According to the results of clustered villages, the survey of faeces from domestic animals was conducted in environment with snails in the sampled villages selected from each of the village clusters. 701 faeces samples collected from six on-site surveys included faeces samples from 581 bovines, 112 sheep, 7 dogs and 1 pig with the proportions being 82.88%, 15.98%, 1.00% and 0.14%, respectively. The annual distribution of faeces was mainly in January, March and May when a total of 520 samples were collected, accounting for 74.18% of the total. The average distribution density was 0.0556/100 m2 and the biggest two locations were Jinma Village and Jinggan Village, namely, 0.6278 /100 m2 and 0.4019 /100 m2. The laboratory testing detected 82 positive faecal samples. The total infection rate of these positive samples was 11.70%, including faeces from 76 bovines and 6 sheep accounting for 92.68% and 7.32%, respectively. As illustrated in Table 1, the highest local rates of infection based on faeces from domestic animals were 30% (Lixin Village) and 19% (Xingxing Village). Then, the local infection rates based on domestic animals’ faeces will be projected into the identified village clusters. The results showed that villages in Cluster I have the highest level of infection from domestic animals’ faeces, while that of the villages in Cluster VI was closed to zero. These results helped to validate the results of spatial clustering.

Table 1 The surveyed rates of wild faeces infection in each selected sample villages


The prevalence of schistosomiasis in China has been identified as a public health concern with a higher priority. The decades’ efforts has led to remarkable progress on the control and prevention of this disease [9, 24]. However, in current stage of lower infection rate the potential risks of direction infection still exist in certain regions, especially in the marshland and/or lake regions [25]. The source of infection is mainly livestock as the same distribution as that found in humans, including rebound human infection along increasing numbers of infected cattle.

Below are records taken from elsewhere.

(* Let $\Bbbk$ be a field of characteristic $2$, $G=\langle\sigma\rangle$ cyclic of order $4$ acting on $V=V_3$ with $\sigma x_1=x_1+x_2$, $\sigma x_2=x_2+x_3$, $\sigma x_3=x_3$ on the dual basis, and $A=\Bbbk[N^G(x_1),\ x_2(x_2+x_3),\ x_3]$ with $N^G(x_1)=\prod_{i=0}^3\sigma^i(x_1)$. Then $K_4=\ker(\Delta^4)=\Bbbk[V]$ is a free $A$-module with basis $\{1,\ x_1,\ x_2,\ x_1^2,\ x_1x_2,\ x_1^3,\ x_1^2x_2,\ x_1^3x_2\}$.
   Context: $\Delta=\sigma-\iota\in\Bbbk G$ acting on $\Bbbk[V]=\Bbbk[x_1,x_2,x_3]$; note $\Delta^4=\sigma^4-\iota=0$ in characteristic $2$. *)

From mathcomp Require Import all_boot all_order all_algebra.
From mathcomp Require Import mpoly.
Set Implicit Arguments. Unset Strict Implicit. Unset Printing Implicit Defensive.
Import GRing.Theory.
Local Open Scope ring_scope.

Section Defs.
Variable k : fieldType.
Notation P := {mpoly k[3]}.

Definition x1 : P := 'X_(@Ordinal 3 0 isT).
Definition x2 : P := 'X_(@Ordinal 3 1 isT).
Definition x3 : P := 'X_(@Ordinal 3 2 isT).

Definition sigma (f : P) : P := f \mPo [tuple x1 + x2; x2 + x3; x3].

Definition Delta (f : P) : P := sigma f - f.

Definition K4 : pred P := fun f => iter 4 Delta f == 0.

Definition normx1 : P := \prod_(i < 4) iter i sigma x1.

(* A = k[N^G(x1), x2(x2+x3), x3]: the k-subalgebra generated by the three elements,
   i.e. the image of polynomial evaluation at these generators *)
Definition inA (a : P) : Prop :=
  exists q : {mpoly k[3]}, a = q \mPo [tuple normx1; x2 * (x2 + x3); x3].

Definition basisB : 8.-tuple P :=
  [tuple 1; x1; x2; x1 ^+ 2; x1 * x2; x1 ^+ 3; x1 ^+ 2 * x2; x1 ^+ 3 * x2].

Definition free_A_basis (M : pred P) (b : 8.-tuple P) : Prop :=
  (forall i, tnth b i \in M) /\
  (forall f, f \in M -> exists a : 'I_8 -> P,
       (forall i, inA (a i)) /\ f = \sum_(i < 8) a i * tnth b i) /\
  (forall a : 'I_8 -> P, (forall i, inA (a i)) ->
       \sum_(i < 8) a i * tnth b i = 0 -> forall i, a i = 0).
End Defs.

From mathcomp Require Import all_boot all_order all_algebra.
From mathcomp Require Import mpoly ring.
Set Implicit Arguments. Unset Strict Implicit. Unset Printing Implicit Defensive.
Import GRing.Theory.
Local Open Scope ring_scope.

(* In characteristic 2, sigma^2 is the substitution x1 |-> x1 + x3, so sigma^4 = 1
   and Delta^4 = sigma^4 - 1 = 0: K_4 is all of k[V].
   Over A, x3 lies in A, x2 is a root of the monic quadratic T^2 + x3 T - x2(x2+x3),
   and x1 is a root of the monic quartic obtained from
   N^G(x1) = x1 (x1 + x2) (x1 + x3) (x1 + x2 + x3), whose coefficients lie in A;
   hence the monomials x1^i x2^j (i < 4, j < 2) span k[V] over A.
   For freeness, the substitutions x1 |-> x1 + x2, x1 |-> x1 + x3 and x2 |-> x2 + x3
   fix A; applying them to a vanishing A-combination and subtracting lowers the
   degree in x1 or x2, which kills the coefficients one at a time. *)

Section CompMpoly.
Variables (R : comNzRingType) (n m : nat).

Lemma comp_mpolyA l (p : {mpoly R[n]}) (L : n.-tuple {mpoly R[m]})
    (M : m.-tuple {mpoly R[l]}) :
  (p \mPo L) \mPo M = p \mPo [tuple tnth L i \mPo M | i < n].
Proof.
rewrite [p \mPo L]comp_mpolyE [p \mPo _]comp_mpolyE raddf_sum /=.
apply: eq_bigr => mon _; rewrite comp_mpolyZ rmorph_prod /=; congr (_ *: _).
by apply: eq_bigr => i _; rewrite rmorphXn /= tnth_mktuple.
Qed.

Lemma comp_mpoly_fixed (q : {mpoly R[n]}) (G : n.-tuple {mpoly R[m]})
    (S : m.-tuple {mpoly R[m]}) :
  (forall i, tnth G i \mPo S = tnth G i) -> (q \mPo G) \mPo S = q \mPo G.
Proof.
move=> fixG; rewrite comp_mpolyA; congr (_ \mPo _).
by apply: eq_from_tnth => i; rewrite tnth_mktuple fixG.
Qed.

Lemma comp_mpolyM (S : n.-tuple {mpoly R[m]}) (a b : {mpoly R[n]}) :
  (a * b) \mPo S = (a \mPo S) * (b \mPo S).
Proof. exact: rmorphM. Qed.

Lemma comp_mpolyXn (S : n.-tuple {mpoly R[m]}) (a : {mpoly R[n]}) e :
  (a ^+ e) \mPo S = (a \mPo S) ^+ e.
Proof. exact: rmorphXn. Qed.

End CompMpoly.

Section Proposition4p19.
Variable k : fieldType.
Hypothesis k_char2 : 2%N \in [pchar k].
Local Notation P := {mpoly k[3]}.
Local Notation X1 := (x1 k).
Local Notation X2 := (x2 k).
Local Notation X3 := (x3 k).
Local Notation N := (normx1 k).
Local Notation Y := (X2 * (X2 + X3)).

Lemma mpoly_pchar2 : 2%N \in [pchar P].
Proof. by apply/andP; split=> //; rewrite -mpolyC_nat (pcharf0 k_char2) mpolyC0. Qed.

Lemma natr_even_mpoly n : ~~ odd n -> (n%:R : P) = 0.
Proof.
move=> even_n; rewrite -[n]odd_double_half (negbTE even_n) add0n -mul2n natrM.
by rewrite (pcharf0 mpoly_pchar2) mul0r.
Qed.

(* [ring: rules] only rewrites each side separately, and cancels a coefficient only
   if it equals the left-hand side of a rule; hence the goal is first put in the
   sign-free form [a + b = 0], and each even coefficient that occurs gets a rule. *)
Local Notation even_rule n := (@natr_even_mpoly n isT).
Local Ltac ring_char2 :=
  apply/eqP; rewrite -subr_eq0 ?(oppr_pchar2 mpoly_pchar2); apply/eqP;
  ring: (even_rule 2) (even_rule 4) (even_rule 6) (even_rule 8) (even_rule 10)
    (even_rule 12) (even_rule 14).

Lemma comp_x1 (a b c : P) : X1 \mPo [tuple a; b; c] = a.
Proof. by rewrite /x1 comp_mpolyXU. Qed.
Lemma comp_x2 (a b c : P) : X2 \mPo [tuple a; b; c] = b.
Proof. by rewrite /x2 comp_mpolyXU. Qed.
Lemma comp_x3 (a b c : P) : X3 \mPo [tuple a; b; c] = c.
Proof. by rewrite /x3 comp_mpolyXU. Qed.

Let compE := (comp_mpolyD, comp_mpolyM, comp_mpolyXn,
  comp_x1, comp_x2, comp_x3).

Lemma comp_mpoly_tuple3 (p a b c : P) (M : 3.-tuple P) :
  (p \mPo [tuple a; b; c]) \mPo M = p \mPo [tuple a \mPo M; b \mPo M; c \mPo M].
Proof.
rewrite comp_mpolyA; congr (_ \mPo _); apply: eq_from_tnth => i.
by rewrite tnth_mktuple; case: i => [[|[|[|//]]] ?]; rewrite /tnth.
Qed.

Definition shift12 : 3.-tuple P := [tuple X1 + X2; X2; X3].
Definition shift13 : 3.-tuple P := [tuple X1 + X3; X2; X3].
Definition shift23 : 3.-tuple P := [tuple X1; X2 + X3; X3].

Lemma sigma_sigma (f : P) : sigma (sigma f) = f \mPo shift13.
Proof.
rewrite /sigma comp_mpoly_tuple3 !compE; congr (_ \mPo [tuple _; _; _]);
  ring_char2.
Qed.

Lemma sigmaB (f g : P) : sigma (f - g) = sigma f - sigma g.
Proof. exact: comp_mpolyB. Qed.

Lemma comp_mpoly_x123 (f : P) : f \mPo [tuple X1; X2; X3] = f.
Proof.
rewrite -[RHS]comp_mpoly_id; congr (_ \mPo _); apply: eq_from_tnth => i.
by rewrite tnth_mktuple; case: i => [[|[|[|//]]] ?]; congr 'X__; apply: val_inj.
Qed.

Lemma sigma4 (f : P) : sigma (sigma (sigma (sigma f))) = f.
Proof.
by rewrite !sigma_sigma comp_mpoly_tuple3 !compE (addrK_pchar2 mpoly_pchar2)
  comp_mpoly_x123.
Qed.

Lemma K4_full (f : P) : f \in @K4 k.
Proof.
by rewrite unfold_in /K4 [iter _ _ _]/= /Delta !sigmaB sigma4; apply/eqP; ring_char2.
Qed.

Lemma normx1E : N = X1 * (X1 + X2) * (X1 + X3) * (X1 + X2 + X3).
Proof.
rewrite /normx1 !big_ord_recl big_ord0 /= /sigma !compE mulr1 !mulrA.
by congr (_ * _ * _ * _); ring_char2.
Qed.

Lemma x1_exp4 : X1 ^+ 4 = N + (X3 ^+ 2 + Y) * X1 ^+ 2 + Y * X3 * X1.
Proof. rewrite normx1E; ring_char2. Qed.

Lemma inA0 : inA (0 : P).
Proof. by exists 0; rewrite comp_mpoly0. Qed.
Lemma inA1 : inA (1 : P).
Proof. by exists 1; rewrite comp_mpoly1. Qed.
Lemma inAC (c : k) : inA (c%:MP : P).
Proof. by exists c%:MP; rewrite comp_mpolyC. Qed.
Lemma inA_normx1 : inA N.
Proof. by exists 'X_(@Ordinal 3 0 isT); rewrite comp_mpolyXU. Qed.
Lemma inA_x2Mx2Dx3 : inA Y.
Proof. by exists 'X_(@Ordinal 3 1 isT); rewrite comp_mpolyXU. Qed.
Lemma inA_x3 : inA X3.
Proof. by exists 'X_(@Ordinal 3 2 isT); rewrite comp_mpolyXU. Qed.
Lemma inAD (a b : P) : inA a -> inA b -> inA (a + b).
Proof. by move=> [q ->] [r ->]; exists (q + r); rewrite comp_mpolyD. Qed.
Lemma inAN (a : P) : inA a -> inA (- a).
Proof. by move=> [q ->]; exists (- q); rewrite comp_mpolyN. Qed.
Lemma inAM (a b : P) : inA a -> inA b -> inA (a * b).
Proof. by move=> [q ->] [r ->]; exists (q * r); rewrite comp_mpolyM. Qed.
Lemma inAX (a : P) e : inA a -> inA (a ^+ e).
Proof. by move=> [q ->]; exists (q ^+ e); rewrite comp_mpolyXn. Qed.

Local Ltac inA_closure := repeat first [ assumption | apply: inA0 | apply: inA1
  | apply: inA_normx1 | apply: inA_x2Mx2Dx3 | apply: inA_x3 | apply: inAD
  | apply: inAN | apply: inAM | apply: inAX ].

Lemma inA_comp_fixed (S : 3.-tuple P) :
  N \mPo S = N -> Y \mPo S = Y -> X3 \mPo S = X3 -> forall f, inA f -> f \mPo S = f.
Proof.
move=> fixN fixY fix3 f [q ->]; apply: comp_mpoly_fixed => i.
by case: i => [[|[|[|//]]] ?]; rewrite /tnth.
Qed.

Lemma shift12_fixes_A f : inA f -> f \mPo shift12 = f.
Proof.
by apply: inA_comp_fixed; rewrite ?normx1E /shift12 !compE //; ring_char2.
Qed.
Lemma shift13_fixes_A f : inA f -> f \mPo shift13 = f.
Proof.
by apply: inA_comp_fixed; rewrite ?normx1E /shift13 !compE //; ring_char2.
Qed.
Lemma shift23_fixes_A f : inA f -> f \mPo shift23 = f.
Proof.
by apply: inA_comp_fixed; rewrite ?normx1E /shift23 !compE //; ring_char2.
Qed.

Definition combB (a0 a1 a2 a3 a4 a5 a6 a7 : P) : P :=
  a0 + a1 * X1 + a2 * X2 + a3 * X1 ^+ 2 + a4 * (X1 * X2) + a5 * X1 ^+ 3
  + a6 * (X1 ^+ 2 * X2) + a7 * (X1 ^+ 3 * X2).

Lemma sum_basisB (a : 'I_8 -> P) : \sum_(i < 8) a i * tnth (basisB k) i =
  combB (a (inord 0)) (a (inord 1)) (a (inord 2)) (a (inord 3))
        (a (inord 4)) (a (inord 5)) (a (inord 6)) (a (inord 7)).
Proof.
rewrite (eq_bigr (fun i : 'I_8 => a (inord i) * nth 0 (basisB k) i)); last first.
  by move=> i _; rewrite inord_val (tnth_nth 0).
rewrite -(big_mkord xpredT (fun j => a (inord j) * nth 0 (basisB k) j)).
by rewrite !big_nat_recl // big_geq // /= /combB; ring.
Qed.

Definition A_span (f : P) := exists a : 'I_8 -> P,
  (forall i, inA (a i)) /\ f = \sum_(i < 8) a i * tnth (basisB k) i.

Lemma A_span_combB (a0 a1 a2 a3 a4 a5 a6 a7 : P) :
  inA a0 -> inA a1 -> inA a2 -> inA a3 -> inA a4 -> inA a5 -> inA a6 -> inA a7 ->
  A_span (combB a0 a1 a2 a3 a4 a5 a6 a7).
Proof.
move=> *; exists (fun i : 'I_8 => nth 0 [:: a0; a1; a2; a3; a4; a5; a6; a7] i).
by split; [case=> [[|[|[|[|[|[|[|[|]]]]]]]]] | rewrite sum_basisB !inordK].
Qed.

Lemma A_span_ind (Q : P -> Prop) :
  (forall a0 a1 a2 a3 a4 a5 a6 a7, inA a0 -> inA a1 -> inA a2 -> inA a3 ->
     inA a4 -> inA a5 -> inA a6 -> inA a7 -> Q (combB a0 a1 a2 a3 a4 a5 a6 a7)) ->
  forall f, A_span f -> Q f.
Proof. by move=> IH f [a [Aa ->]]; rewrite sum_basisB; apply: IH. Qed.

Lemma A_span1 : A_span 1.
Proof.
have -> : 1 = combB 1 0 0 0 0 0 0 0 by rewrite /combB; ring.
by apply: A_span_combB; inA_closure.
Qed.

Lemma A_spanD f g : A_span f -> A_span g -> A_span (f + g).
Proof.
move=> Af Ag; move: f Af; apply: A_span_ind => a0 a1 a2 a3 a4 a5 a6 a7 *.
move: g Ag; apply: A_span_ind => b0 b1 b2 b3 b4 b5 b6 b7 *.
have -> : combB a0 a1 a2 a3 a4 a5 a6 a7 + combB b0 b1 b2 b3 b4 b5 b6 b7 =
  combB (a0 + b0) (a1 + b1) (a2 + b2) (a3 + b3) (a4 + b4) (a5 + b5) (a6 + b6)
    (a7 + b7) by rewrite /combB; ring.
by apply: A_span_combB; inA_closure.
Qed.

Lemma A_spanMl c f : inA c -> A_span f -> A_span (c * f).
Proof.
move=> Ac; move: f; apply: A_span_ind => a0 a1 a2 a3 a4 a5 a6 a7 *.
have -> : c * combB a0 a1 a2 a3 a4 a5 a6 a7 = combB (c * a0) (c * a1) (c * a2)
  (c * a3) (c * a4) (c * a5) (c * a6) (c * a7) by rewrite /combB; ring.
by apply: A_span_combB; inA_closure.
Qed.

Lemma A_span_mulx2 f : A_span f -> A_span (X2 * f).
Proof.
move: f; apply: A_span_ind => a0 a1 a2 a3 a4 a5 a6 a7 *.
have -> : X2 * combB a0 a1 a2 a3 a4 a5 a6 a7 =
  combB (a2 * Y) (a4 * Y) (a0 - a2 * X3) (a6 * Y) (a1 - a4 * X3) (a7 * Y)
    (a3 - a6 * X3) (a5 - a7 * X3) by rewrite /combB; ring.
by apply: A_span_combB; inA_closure.
Qed.

Lemma A_span_mulx1 f : A_span f -> A_span (X1 * f).
Proof.
move: f; apply: A_span_ind => a0 a1 a2 a3 a4 a5 a6 a7 *.
have -> : X1 * combB a0 a1 a2 a3 a4 a5 a6 a7 =
  combB (a5 * N) (a0 + a5 * (Y * X3)) (a7 * N) (a1 + a5 * (X3 ^+ 2 + Y))
    (a2 + a7 * (Y * X3)) a3 (a4 + a7 * (X3 ^+ 2 + Y)) a6
  by rewrite /combB; ring: x1_exp4.
by apply: A_span_combB; inA_closure.
Qed.

Lemma A_span_mulXn (i : 'I_3) e f : A_span f -> A_span ('X_i ^+ e * f).
Proof.
move=> Af; elim: e => [|e IH]; first by rewrite expr0 mul1r.
rewrite exprS -mulrA; case: i IH => [[|[|[|//]]] lti] IH;
  rewrite (bool_irrelevance lti isT).
- exact: A_span_mulx1.
- exact: A_span_mulx2.
- exact: A_spanMl inA_x3 IH.
Qed.

Lemma A_span_full f : A_span f.
Proof.
elim/mpolyind: f => [|c m p _ _ Ap].
  by rewrite -(mul0r 1); apply: A_spanMl inA0 A_span1.
apply: A_spanD => //; rewrite -mul_mpolyC; apply: A_spanMl; first exact: inAC.
rewrite mpolyXE_id !big_ord_recl big_ord0 mulr1 -[X in A_span X]mulr1 -!mulrA.
by do 3 apply: A_span_mulXn; apply: A_span1.
Qed.

Lemma neq0_meval (p : P) (v : 'I_3 -> k) : p.@[v] != 0 -> p != 0.
Proof. by apply: contraNneq => ->; rewrite meval0. Qed.

Lemma x2_neq0 : X2 != 0.
Proof. by apply: (@neq0_meval _ (fun _ => 1)); rewrite mevalXU oner_neq0. Qed.
Lemma x3_neq0 : X3 != 0.
Proof. by apply: (@neq0_meval _ (fun _ => 1)); rewrite mevalXU oner_neq0. Qed.
Lemma x2Dx3_neq0 : X2 + X3 != 0.
Proof.
apply: (@neq0_meval _ (fun i : 'I_3 => (val i == 1%N)%:R)).
by rewrite mevalD !mevalXU /= addr0 oner_neq0.
Qed.

Lemma eq0_by_comp (S : 3.-tuple P) (g c h : P) :
  g = 0 -> c != 0 -> g \mPo S - g = c * h -> h = 0.
Proof.
move=> g0 /mulfI c_inj; rewrite g0 comp_mpoly0 subr0 => ch0.
by apply: c_inj; rewrite -ch0 mulr0.
Qed.

Lemma x1_powers_free (b0 b1 b2 b3 : P) :
  inA b0 -> inA b1 -> inA b2 -> inA b3 ->
  b0 + b1 * X1 + b2 * X1 ^+ 2 + b3 * X1 ^+ 3 = 0 ->
  [/\ b0 = 0, b1 = 0, b2 = 0 & b3 = 0].
Proof.
move=> A0 A1 A2 A3 rel.
have rel1 : b1 + b2 * X2 + b3 * (X1 ^+ 2 + X1 * X2 + X2 ^+ 2) = 0.
  apply: (eq0_by_comp (S := shift12) rel x2_neq0).
  by rewrite !compE !shift12_fixes_A //; ring_char2.
have b3_0 : b3 = 0.
  apply: (eq0_by_comp (S := shift13) rel1 (mulf_neq0 x3_neq0 x2Dx3_neq0)).
  by rewrite !compE !shift13_fixes_A //; ring_char2.
have rel2 : b1 + b2 * X2 = 0 by rewrite -rel1 b3_0; ring.
have b2_0 : b2 = 0.
  apply: (eq0_by_comp (S := shift23) rel2 x3_neq0).
  by rewrite !compE !shift23_fixes_A //; ring_char2.
have b1_0 : b1 = 0 by rewrite -rel2 b2_0; ring.
by split=> //; rewrite -rel b1_0 b2_0 b3_0; ring.
Qed.

Lemma combB_eq0 (a0 a1 a2 a3 a4 a5 a6 a7 : P) :
  inA a0 -> inA a1 -> inA a2 -> inA a3 -> inA a4 -> inA a5 -> inA a6 -> inA a7 ->
  combB a0 a1 a2 a3 a4 a5 a6 a7 = 0 ->
  [/\ a0 = 0, a1 = 0, a2 = 0, a3 = 0 & [/\ a4 = 0, a5 = 0, a6 = 0 & a7 = 0]].
Proof.
move=> A0 A1 A2 A3 A4 A5 A6 A7 rel.
have rel_x2 : a2 + a4 * X1 + a6 * X1 ^+ 2 + a7 * X1 ^+ 3 = 0.
  apply: (eq0_by_comp (S := shift23) rel x3_neq0).
  by rewrite /combB !compE !shift23_fixes_A //; ring_char2.
have [a2_0 a4_0 a6_0 a7_0] := x1_powers_free A2 A4 A6 A7 rel_x2.
have rel_1 : a0 + a1 * X1 + a3 * X1 ^+ 2 + a5 * X1 ^+ 3 = 0.
  by rewrite -rel /combB a2_0 a4_0 a6_0 a7_0; ring.
by have [-> -> -> ->] := x1_powers_free A0 A1 A3 A5 rel_1.
Qed.

End Proposition4p19.

Theorem proposition4p19 (k : fieldType) (hchar : 2%N \in [pchar k]) :
  (forall f : {mpoly k[3]}, f \in @K4 k) /\ free_A_basis (@K4 k) (@basisB k).
Proof.
have K4_all := K4_full hchar.
split=> //; split=> [i|]; first exact: K4_all.
split=> [f _|a Aa]; first exact: A_span_full.
rewrite sum_basisB => /(combB_eq0 hchar (Aa _) (Aa _) (Aa _) (Aa _) (Aa _) (Aa _)
  (Aa _) (Aa _)) [a0 a1 a2 a3 [a4 a5 a6 a7]] i.
by rewrite -(inord_val i); case: i => [[|[|[|[|[|[|[|[|]]]]]]]]].
Qed.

Finally, the snail host populations have increased significantly in the marshland and lakes regions in the endemic areas [5]. It is therefore important to identify the types of risks in different regions, so as to improve the capacity in schistosomiasis surveillance and control. Hubei Province is known as a hotspot of schistosomiasis, which can be attributed to the varying geographic landscapes of the entire region and the interplays among humans, cattle and snail populations, which are important components in the schistosomiasis surveillance framework [26]. The selected study site, Jiangling County located in the middle reaches of Yangtze River in Hubei Province, is one of the typical marshland and lake endemic areas of schistosomiasis [24, 27]. The National Schistosomiasis Surveillance Programme has been carried out in Jiangling County for several decades, and thus provides a data foundation with temporal and spatial records of infection cases that facilitates the understanding the operational situation in a low- prevalence endemic area.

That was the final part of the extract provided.